In legacy planning, lawyers primarily discuss 3 tenancies, most of which involve real property or bank account ownership, not renting.

  1. Tenancy in common is the most basic type of tenancy ownership.  A tenants in common relationship between 2 people over a house, for example, means that one party controls interest in one half of the house, and the other party controls interest over the other half. Either party can sell, lease, mortgage, or devise their interest in half of the property. However, if the other party passes away, generally the surviving party does not get the other half of the property; the survivor is left with his or her interest alone. The remaining half is either bequeathed or passed to the decedent’s heirs via state law.People are rarely tenants in common with respect to bank accounts; this type of arrangement is usually crafted for prenuptial agreements or settlement agreements and, then, the focus is often the parties’ contribution to the account.

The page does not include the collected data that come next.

(* Let $F=(n_F)_{n\ge 1}$ be a sequence belonging to the family $\mathcal{T}_\lambda$. Then $F$ is a cobweb tiling sequence: $F$ is admissible, and for all positive integers $m\le n$ the $F$-box $V_{m,n}$ has a tiling by sub-boxes of the forms $\sigma V_m$.
   Context: Throughout, $\mathbb{N}=\{1,2,\dots\}$. For a sequence of natural numbers $F=(n_F)$ write $[s_F]=\{1,2,\dots,s_F\}$ and $n_F!=n_F\cdot(n-1)_F\cdots 1_F$, with $0_F!=1$. The $F$-nomial coefficient is $\binom{n}{m}_F=\frac{n_F!}{m_F!\,(n-m)_F!}$ for $0\le m\le n$. $F$ is admissible if $\binom{n}{m}_F\in\mathbb{N}\cup\{0\}$ for all $0\le m\le n$. The $F$-box: for $1\le m\le n$ and $k=n-m+1$, let $V_{m,n}=[k_F]\times[(k+1)_F]\times\cdots\times[n_F]\subset\mathbb{N}^m$. Sub-box of the form $\sigma V_m$: for a permutation $\sigma$ of $\{1,\dots,m\}$, this is a set $A=A_1\times\cdots\times A_m$ with $A_s\subseteq[(k+s-1)_F]$ and $|A_s|=(\sigma(s))_F$ for $s=1,\dots,m$. Tiling of $V_{m,n}$: a finite family of pairwise disjoint sub-boxes, each of the form $\sigma V_m$ for some permutation $\sigma$ (which may depend on the sub-box), whose union is $V_{m,n}$. Equivalently, in cobweb language, this is a partition of the maximal paths of the cobweb layer $\langle\Phi_k\to\Phi_n\rangle$ into blocks $\sigma P_m$. A cobweb tiling sequence is an admissible sequence $F$ such that $V_{m,n}$ has a tiling for all $1\le m\le n$. The family $\mathcal{T}_\lambda$ consists of sequences $F=(n_F)_{n\ge1}$ of natural numbers for which there exist functions $\lambda_K,\lambda_M:\mathbb{N}\times\mathbb{N}\to\mathbb{N}\cup\{0\}$ such that $(k+m)_F=\lambda_K(k,m)\,k_F+\lambda_M(k,m)\,m_F$ for all $k,m\in\mathbb{N}$. *)

From mathcomp Require Import all_boot all_order all_fingroup.
From mathcomp Require Import finmap.
Unset Printing Implicit Defensive.
Lemma ext_pow_sum_diag_prod (A : 'M[R]_n) (d : 'rV[R]_n) beta (J : kset n k) i j :
  ext_pow k A + ext_pow k (diag_mx d) = beta *: ext_pow k 1%:M ->
  i \notin val J -> j \in val J -> A i j != 0 -> beta = \prod_(l in val J) d 0 l.
Proof.
move=> sumAD iJ jJ Aij_neq0.
have minorA I J' := ext_pow_sum_diag_minor sumAD I J' (erefl (diag_mx d)).
have : minor A J J = 0.
  apply: contraNeq Aij_neq0 => AJ_neq0; apply/eqP/(col_minors_entry_eq0 AJ_neq0) => // J' neJ.
  by rewrite minorA (negPf neJ).
by rewrite minorA eqxx => /eqP; rewrite subr_eq0 => /eqP.
Qed.

Lemma ext_pow_sum_diag_entry_eq0 (A : 'M[R]_n) (d : 'rV[R]_n) beta :
  (0 < k < n)%N -> beta != 0 ->
  ext_pow k A + ext_pow k (diag_mx d) = beta *: ext_pow k 1%:M ->
  forall i j, d 0 i != d 0 j -> A i j = 0.
Proof.
move=> /andP[k_gt0 k_lt_n] beta_neq0 sumAD i j; apply: contraNeq => Aij_neq0.
have [<- // | ne_ij] := eqVneq i j.
have [J1 [sjJ1 sJ1i]] :
    exists J1 : kset n k, [set j] \subset val J1 /\ val J1 \subset ~: [set i].
  apply: exists_kset; first by rewrite sub1set !inE eq_sym.
  by rewrite cards1 cardsC1 card_ord k_gt0 -ltnS prednK // (leq_ltn_trans _ k_lt_n).
have jJ1 : j \in val J1 by rewrite -sub1set.
have iJ1 : i \notin val J1 by apply/negP => /(subsetP sJ1i); rewrite !inE eqxx.
have [J2 defJ2] := exists_kset_swap iJ1 jJ1.
have iJ2 : i \in val J2 by rewrite defJ2 setU11.
have jJ2 : j \notin val J2 by rewrite defJ2 !inE eqxx /= orbF eq_sym.
have sumATD : ext_pow k A^T + ext_pow k (diag_mx d) = beta *: ext_pow k 1%:M.
  apply: (can_inj trmxK); rewrite linearD linearZ /= -!ext_pow_tr !trmxK.
  by rewrite tr_diag_mx trmx1.
have prodJ1 := ext_pow_sum_diag_prod sumAD iJ1 jJ1 Aij_neq0.
have prodJ2 : beta = \prod_(l in val J2) d 0 l.
  by apply: ext_pow_sum_diag_prod sumATD jJ2 iJ2 _; rewrite mxE.
rewrite defJ2 big_setU1 /= in prodJ2; last by rewrite !inE negb_and iJ1 orbT.
rewrite (big_setD1 j jJ1) /= in prodJ1.
have prod_neq0 : \prod_(l in val J1 :\ j) d 0 l != 0.
  by apply: contraNneq beta_neq0 => prod_eq0; rewrite prodJ1 prod_eq0 mulr0.
by apply/eqP/(mulIf prod_neq0); rewrite -prodJ1 -prodJ2.
Qed.
(* For all positive integers $n,d$, $k(n+d)\le k(n)+\left\lceil \dfrac{d}{\lfloor\sqrt{n}\rfloor}\right\rceil$.
   Context: A system on $n$ elements is a triple $(\mathcal{F},w,s)$ where $\mathcal{F}=(F_1,\dots,F_m)$ is a collection of subsets of $[n]$, $w\in[0,1]^m$ with $\sum_i w_i=1$, and $s\in[0,1]^{m\times m\times n}$ with $\sum_p s_{ijp}=1$ for all $i,j$. It is intersecting if $s_{ijp}>0$ implies $p\in F_i\cap F_j$. It is balanced if for all $p\in[n]$, $\sum_{i,j} w_iw_js_{ijp}=1/n$. Its cardinality is the size of the largest set in $\mathcal{F}$. $k(n)$ is the minimum $k$ such that there exists a balanced intersecting system on $n$ elements with cardinality $k$. *)

From HB Require Import structures.
From mathcomp Require Import all_boot all_order all_algebra.
From mathcomp Require Import boolp Rstruct.
From Stdlib Require Rdefinitions.
Notation R := Rdefinitions.R.
Set Implicit Arguments. Unset Strict Implicit. Unset Printing Implicit Defensive.
Import Order.TTheory GRing.Theory Num.Theory.
Local Open Scope ring_scope.

(* The ground set [n] is represented by 'I_n, the collection F = (F_1..F_m)
   by a function 'I_m -> {set 'I_n}. *)

Definition is_system (n m : nat) (F : 'I_m -> {set 'I_n}) (w : 'I_m -> R)
    (s : 'I_m -> 'I_m -> 'I_n -> R) : Prop :=
  [/\ (forall i, 0 <= w i <= 1),
      \sum_(i < m) w i = 1,
      (forall i j p, 0 <= s i j p <= 1) &
      (forall i j, \sum_(p < n) s i j p = 1)].

Definition is_intersecting (n m : nat) (F : 'I_m -> {set 'I_n})
    (s : 'I_m -> 'I_m -> 'I_n -> R) : Prop :=
  forall i j p, 0 < s i j p -> p \in F i :&: F j.

Definition is_balanced (n m : nat) (w : 'I_m -> R)
    (s : 'I_m -> 'I_m -> 'I_n -> R) : Prop :=
  forall p : 'I_n, \sum_(i < m) \sum_(j < m) w i * w j * s i j p = (n%:R)^-1.

Definition cardinality (n m : nat) (F : 'I_m -> {set 'I_n}) : nat :=
  \max_(i < m) #|F i|.

Definition achievable (n k : nat) : Prop :=
  exists m (F : 'I_m -> {set 'I_n}) w s,
    [/\ is_system F w s, is_intersecting F s, is_balanced w s
      & cardinality F = k].

Lemma achievable_ex (n : nat) : exists k, `[< achievable n.+1 k >].
Proof.
exists n.+1; apply/asboolP.
exists 1%N, (fun _ => setT), (fun _ => 1), (fun _ _ _ => (n.+1%:R)^-1).
have n0 : (n.+1%:R : R) != 0 by rewrite pnatr_eq0.
split.
- split.
  + by move=> i; rewrite lexx ler01.
  + by rewrite big_ord1.
  + move=> i j p; rewrite invr_ge0 ler0n /= invf_le1 ?ltr0Sn //.
    by rewrite ler1n.
  + move=> i j; by rewrite sumr_const card_ord -[RHS](mulVf n0) mulr_natr.
- by move=> i j p _; rewrite inE /= !inE.
- by move=> p; rewrite !big_ord1 !mul1r.
- by rewrite /cardinality big_ord1 cardsT card_ord.
Qed.

(* k(n) = minimum cardinality of a balanced intersecting system on n elements
   (for n = 0 there is no system at all; we set k(0) = 0, unused below). *)
Definition kmin (n : nat) : nat :=
  match n with
  | 0 => 0
  | n'.+1 => ex_minn (achievable_ex n')
  end.

Definition isqrt (n : nat) : nat := Nat.sqrt n.
Definition ceil_div (a b : nat) : nat := (a + b.-1) %/ b.

(* Given a balanced intersecting system on n points and 0 < d with d^2 <= n + d,
   replace each set F_i by d copies F_i + {n + q} (q < d) of weight w_i / d.
   A pair of equal-index copies (i, q), (j, q) sends mass a = d^2 / (n + d) to
   the new point n + q and spreads the rest 1 - a over F_i /\ F_j as before;
   other pairs keep their old distribution.  Every old point then receives
   (1/n) (1 - a/d) = 1/(n + d), every new point a/d^2 = 1/(n + d), and the
   cardinality grows by one.  Adding d points in steps of size floor(sqrt n),
   which only increases along the way, costs ceil(d / floor(sqrt n)). *)
From Stdlib Require PeanoNat.
From mathcomp Require Import all_boot all_order all_algebra.
From mathcomp Require Import boolp Rstruct.
From mathcomp Require Import ring lra zify.
Set Implicit Arguments. Unset Strict Implicit. Unset Printing Implicit Defensive.
Import Order.TTheory GRing.Theory Num.Theory.
Local Open Scope ring_scope.

Lemma achievable_finType (N k : nat) (T : finType) (F : T -> {set 'I_N})
    (w : T -> R) (s : T -> T -> 'I_N -> R) :
  (forall t, 0 <= w t <= 1) -> \sum_t w t = 1 ->
  (forall t u p, 0 <= s t u p <= 1) -> (forall t u, \sum_(p < N) s t u p = 1) ->
  (forall t u p, 0 < s t u p -> p \in F t :&: F u) ->
  (forall p, \sum_t \sum_u w t * w u * s t u p = N%:R^-1) ->
  (\max_t #|F t| = k)%N ->
  achievable N k.
Proof.
move=> w01 sum_w s01 sum_s s_int s_bal cardF.
exists #|T|, (F \o enum_val), (w \o enum_val),
  (fun i j => s (enum_val i) (enum_val j)).
split; first split.
- by move=> i; apply: w01.
- by rewrite -sum_w (big_enum_val (A := T)).
- by move=> i j p; apply: s01.
- by move=> i j; apply: sum_s.
- by move=> i j p /s_int.
- move=> p; rewrite -(s_bal p) (big_enum_val (A := T)) /=.
  by apply: eq_bigr => t _; rewrite (big_enum_val (A := T)).
- by rewrite /cardinality -cardF (big_enum_val (A := T)).
Qed.

Lemma sum_pair_mul (I J : finType) (g : I -> I -> R) (h : J -> J -> R) :
  \sum_(t : I * J) \sum_(u : I * J) g t.1 u.1 * h t.2 u.2 =
  (\sum_i \sum_j g i j) * (\sum_q \sum_r h q r).
Proof.
rewrite -(pair_bigA _ (fun i q => \sum_(u : I * J) g i u.1 * h q u.2)).
rewrite big_distrl /=; apply: eq_bigr => i _.
under eq_bigr => q _ do rewrite -(pair_bigA _ (fun j r => g i j * h q r)) /=.
rewrite exchange_big /= big_distrl /=; apply: eq_bigr => j _.
by rewrite big_distrr /=; apply: eq_bigr => q _; rewrite big_distrr.
Qed.

Lemma sum_delta (I : finType) (i0 : I) (g : I -> R) :
  \sum_i (i0 == i)%:R * g i = g i0.
Proof.
rewrite (bigD1 i0) //= eqxx mul1r big1 ?addr0 // => i.
by rewrite eq_sym => /negbTE ->; rewrite mul0r.
Qed.

Lemma bigmax_succ (I : finType) (i0 : I) (f : I -> nat) :
  (\max_i (f i).+1 = (\max_i f i).+1)%N.
Proof.
apply/eqP; rewrite eqn_leq; apply/andP; split.
  by apply/bigmax_leqP => i _; rewrite ltnS leq_bigmax.
rewrite (bigop.bigmax_eq_arg i0 (F := f)) //.
exact: (bigop.leq_bigmax (F := S \o f)).
Qed.

Lemma bigmax_fst (I J : finType) (j0 : J) (f : I -> nat) :
  (\max_(t : I * J) f t.1 = \max_i f i)%N.
Proof.
apply/eqP; rewrite eqn_leq; apply/andP; split; apply/bigmax_leqP.
  by move=> t _; exact: (bigop.leq_bigmax (F := f)).
by move=> i _; exact: (bigop.leq_bigmax (F := f \o fst) (i, j0)).
Qed.

Lemma sum_eq1_ord_gt0 (m : nat) (w : 'I_m -> R) : \sum_i w i = 1 -> (0 < m)%N.
Proof.
by case: m w => // w; rewrite big_ord0 => /eqP; rewrite eq_sym oner_eq0.
Qed.

Section AddPoints.

Variables (n d m : nat) (F : 'I_m -> {set 'I_n}) (w : 'I_m -> R).
Variable s : 'I_m -> 'I_m -> 'I_n -> R.
Hypotheses (w_in01 : forall i, 0 <= w i <= 1) (sum_w : \sum_i w i = 1).
Hypotheses (s_in01 : forall i j p, 0 <= s i j p <= 1)
  (sum_s : forall i j, \sum_p s i j p = 1).
Hypotheses (intF : is_intersecting F s) (balF : is_balanced w s).
Hypotheses (d_gt0 : (0 < d)%N) (d_small : (d * d <= n + d)%N).

Local Notation I := ('I_m * 'I_d)%type.

Definition ext_mass : R := (d * d)%:R / (n + d)%:R.
Local Notation a := ext_mass.

Definition ext_set (t : I) : {set 'I_(n + d)} :=
  rshift n t.2 |: (lshift d @: F t.1).

Definition ext_weight (t : I) : R := w t.1 / d%:R.

Definition ext_split (t u : I) (p : 'I_(n + d)) : R :=
  match split p with
  | inl p0 => s t.1 u.1 p0 * (1 - (t.2 == u.2)%:R * a)
  | inr q => a * (t.2 == q)%:R * (u.2 == q)%:R
  end.

Let d_neq0 : d%:R != 0 :> R. Proof. by rewrite pnatr_eq0 -lt0n. Qed.

Let nd_gt0 : 0 < (n + d)%:R :> R.
Proof. by rewrite ltr0n addn_gt0 d_gt0 orbT. Qed.

Lemma ext_mass_ge0 : 0 <= a. Proof. by rewrite divr_ge0 ?ler0n. Qed.

Lemma ext_mass_le1 : a <= 1.
Proof. by rewrite ler_pdivrMr // mul1r ler_nat. Qed.

Lemma ext_split_lshift t u p :
  ext_split t u (lshift d p) = s t.1 u.1 p * (1 - (t.2 == u.2)%:R * a).
Proof. by rewrite /ext_split (unsplitK (inl _)). Qed.

Lemma ext_split_rshift t u q :
  ext_split t u (rshift n q) = a * (t.2 == q)%:R * (u.2 == q)%:R.
Proof. by rewrite /ext_split (unsplitK (inr _)). Qed.

Lemma ext_weight_in01 t : 0 <= ext_weight t <= 1.
Proof.
have /andP[w_ge0 w_le1] := w_in01 t.1.
rewrite divr_ge0 ?ler0n //= ler_pdivrMr ?ltr0n // mul1r.
by apply: le_trans w_le1 _; rewrite ler1n.
Qed.

Lemma sum_ext_weight : \sum_t ext_weight t = 1.
Proof.
rewrite -[RHS]sum_w -(pair_bigA _ (fun i _ => w i / d%:R)) /=.
by apply: eq_bigr => i _; rewrite sumr_const card_ord -[LHS]mulr_natr divfK.
Qed.

Lemma ext_split_in01 t u p : 0 <= ext_split t u p <= 1.
Proof.
rewrite -(splitK p); case: (split p) => [p0|q] /=.
  have /andP[s_ge0 s_le1] := s_in01 t.1 u.1 p0.
  have /andP[c_ge0 c_le1] : 0 <= 1 - (t.2 == u.2)%:R * a <= 1.
    have := ext_mass_ge0; have := ext_mass_le1.
    by case: eqP => _ /=; rewrite ?mulr1n ?mulr0n; lra.
  by rewrite ext_split_lshift mulr_ge0 ?mulr_ile1.
have := ext_mass_ge0; have := ext_mass_le1.
by rewrite ext_split_rshift; case: eqP => _; case: eqP => _ /=;
  rewrite ?mulr1n ?mulr0n; lra.
Qed.

Lemma sum_ext_split t u : \sum_p ext_split t u p = 1.
Proof.
rewrite big_split_ord /=.
under eq_bigr => p _ do rewrite ext_split_lshift.
under [X in _ + X]eq_bigr => q _ do rewrite ext_split_rshift -mulrA.
rewrite -big_distrl -big_distrr /= sum_s mul1r.
by rewrite sum_delta eq_sym; ring.
Qed.

Lemma ext_split_intersecting t u p :
  0 < ext_split t u p -> p \in ext_set t :&: ext_set u.
Proof.
rewrite -(splitK p); case: (split p) => [p0|q] /=.
  rewrite ext_split_lshift => split_gt0.
  have s_gt0 : 0 < s t.1 u.1 p0.
    have /andP[s_ge0 _] := s_in01 t.1 u.1 p0.
    rewrite lt_def s_ge0 andbT.
    by apply: contraTneq split_gt0 => ->; rewrite mul0r ltxx.
  have /setIP[inFt inFu] := intF s_gt0.
  by rewrite inE !in_setU1 !(mem_imset _ _ (@lshift_inj _ _)) inFt inFu !orbT.
rewrite ext_split_rshift inE !in_setU1.
case: (t.2 =P q) => [<-|_] /=; last by rewrite mulr0n mulr0 mul0r ltxx.
by case: (u.2 =P t.2) => [->|_] /=; rewrite ?eqxx // mulr0n mulr0 ltxx.
Qed.

Lemma ext_split_balanced p :
  \sum_t \sum_u ext_weight t * ext_weight u * ext_split t u p = (n + d)%:R^-1.
Proof.
rewrite -(splitK p); case: (split p) => [p0|q] /=.
  have n_gt0 : (0 < n)%N by apply: leq_ltn_trans (ltn_ord p0).
  transitivity (\sum_(t : I) \sum_(u : I) w t.1 * w u.1 * s t.1 u.1 p0 *
                  ((1 - (t.2 == u.2)%:R * a) / d%:R ^+ 2)).
    by apply: eq_bigr => t _; apply: eq_bigr => u _;
      rewrite ext_split_lshift /ext_weight; field.
  rewrite (sum_pair_mul (fun i j => w i * w j * s i j p0)
             (fun q r => (1 - (q == r)%:R * a) / d%:R ^+ 2)) balF.
  under eq_bigr => q _ do
    rewrite -big_distrl sumrB sumr_const card_ord sum_delta /=.
  rewrite sumr_const card_ord /ext_mass natrM.
  by field; rewrite -natrD (gt_eqF nd_gt0) d_neq0 pnatr_eq0 -lt0n n_gt0.
transitivity (\sum_(t : I) \sum_(u : I) w t.1 * w u.1 *
                ((q == t.2)%:R * ((q == u.2)%:R * (a / d%:R ^+ 2)))).
  by apply: eq_bigr => t _; apply: eq_bigr => u _;
    rewrite ext_split_rshift /ext_weight ![(q == _)]eq_sym; field.
rewrite (sum_pair_mul (fun i j => w i * w j)
           (fun r r' => (q == r)%:R * ((q == r')%:R * (a / d%:R ^+ 2)))).
rewrite -big_distrlr /= sum_w mul1r.
under eq_bigr => r _ do rewrite -big_distrr /= sum_delta.
rewrite sum_delta /ext_mass natrM.
by field; rewrite -natrD (gt_eqF nd_gt0) d_neq0.
Qed.

Lemma ext_cardinality : (\max_t #|ext_set t| = (cardinality F).+1)%N.
Proof.
have card_ext t : #|ext_set t| = #|F t.1|.+1.
  rewrite cardsU1 card_imset; last exact: lshift_inj.
  suff -> : rshift n t.2 \notin lshift d @: F t.1 by [].
  by apply/imsetP => -[x _ /eqP]; rewrite eq_rlshift.
have i0 : 'I_m := Ordinal (sum_eq1_ord_gt0 sum_w).
have j0 : 'I_d := Ordinal d_gt0.
rewrite (eq_bigr _ (fun t _ => card_ext t)) (bigmax_succ (i0, j0)).
by rewrite (bigmax_fst j0 (fun i => #|F i|)).
Qed.

End AddPoints.

Lemma achievable_addn (n d k : nat) : (0 < d)%N -> (d * d <= n + d)%N ->
  achievable n k -> achievable (n + d) k.+1.
Proof.
move=> d_gt0 d_small [m [F [w [s [[w01 sum_w s01 sum_s] intF balF <-]]]]].
apply: (achievable_finType (F := ext_set F) (w := ext_weight w)
                           (s := ext_split s)).
- exact: ext_weight_in01.
- exact: sum_ext_weight.
- exact: ext_split_in01.
- exact: sum_ext_split.
- exact: ext_split_intersecting.
- exact: ext_split_balanced.
- exact: (ext_cardinality F sum_w d_gt0).
Qed.

Lemma kmin_achievable (n : nat) : (0 < n)%N -> achievable n (kmin n).
Proof. by case: n => // n _ /=; case: ex_minnP => k /asboolP. Qed.

Lemma kmin_min (n k : nat) : achievable n k -> (kmin n <= k)%N.
Proof.
by case: n => // n achk /=; case: ex_minnP => k0 _; apply; apply/asboolP.
Qed.

Lemma kmin_addn_le (n d : nat) : (0 < n)%N -> (d * d <= n + d)%N ->
  (kmin (n + d) <= (kmin n).+1)%N.
Proof.
move=> n_gt0; case: (posnP d) => [-> _|d_gt0 d_small]; first by rewrite addn0.
exact/kmin_min/achievable_addn/kmin_achievable.
Qed.

Lemma isqrt_sqr_le (n : nat) : (isqrt n * isqrt n <= n)%N.
Proof. by apply/ssrnat.leP/PeanoNat.Nat.sqrt_le_square. Qed.

Lemma isqrt_gt0 (n : nat) : (0 < n)%N -> (0 < isqrt n)%N.
Proof.
by move=> n_gt0; apply/ssrnat.leP/PeanoNat.Nat.sqrt_le_square; apply/ssrnat.leP.
Qed.

Lemma leq_isqrt (m n : nat) : (m <= n)%N -> (isqrt m <= isqrt n)%N.
Proof. by move/ssrnat.leP/PeanoNat.Nat.sqrt_le_mono/ssrnat.leP. Qed.

Lemma kmin_addn_le_mul (c n d : nat) : (0 < n)%N -> (d <= c * isqrt n)%N ->
  (kmin (n + d) <= kmin n + c)%N.
Proof.
elim: c n d => [|c IHc] n d n_gt0 d_le.
  by move: d_le; rewrite mul0n leqn0 => /eqP ->; rewrite !addn0.
set e := minn d (isqrt n).
have e_sqr_le : (e * e <= n)%N.
  by apply: leq_trans (isqrt_sqr_le n); apply: leq_mul; rewrite geq_minr.
have -> : (n + d = n + e + (d - e))%N by rewrite -addnA subnKC ?geq_minl.
apply: leq_trans (IHc _ _ _ _) _.
- by rewrite addn_gt0 n_gt0.
- apply: leq_trans (leq_mul (leqnn c) (leq_isqrt (leq_addr e n))).
  by move: d_le; rewrite mulSn /e; lia.
- rewrite addnS -addSn leq_add2r kmin_addn_le //.
  exact: leq_trans e_sqr_le (leq_addr _ _).
Qed.

Lemma leq_ceil_div (d r : nat) : (0 < r)%N -> (d <= ceil_div d r * r)%N.
Proof.
by move=> r_gt0; have := ltn_ceil (d + r.-1) r_gt0; rewrite /ceil_div; lia.
Qed.

Theorem corollary1 (n d : nat) (hn : (0 < n)%N) (hd : (0 < d)%N) :
  (kmin (n + d) <= kmin n + ceil_div d (isqrt n))%N.
Proof. by apply: kmin_addn_le_mul => //; apply/leq_ceil_div/isqrt_gt0. Qed.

  2. Joint tenancy with rights of survivorship, on the other hand, allows the surviving party in the above example with the house to own the whole house. Joint accounts are also very common with respect to bank accounts, checking or saving.  So, if Grandpa has a bank account and you are on the account as a joint holder, when Grandpa passes away, all of the funds in that account become yours, under most circumstances.However, joint tenancy is the animal that can become a beast for parents trying to leave property for children. Placing a house in joint tenancy with right of survivorship to a child could trigger a taxable event for the child. Additionally, suppose you have 2 children, the house, and life insurance. The house is worth $200,000 and the life insurance benefit is $200,000. You might think that leaving the house to one child and designating the other as beneficiary on the life insurance policy would be an even split. Yet, the child with the house may have to pay estate or gift taxes on the home, leaving the gifts to your children unequal.
  3. Tenancy by the entirety is joint tenancy for married couples. This may seem straightforward because most people know that transfers between husband and wife are not taxable events. But, what if the transfer was from husband to husband or wife to wife? Because the IRS doesn’t recognize husband to husband or wife to wife transfers, the survivor of the couple may be facing a taxable event like the child with the house.

So when thinking about gifts or transfers of property, careful planning is needed to avoid these non-rental sticky wickets.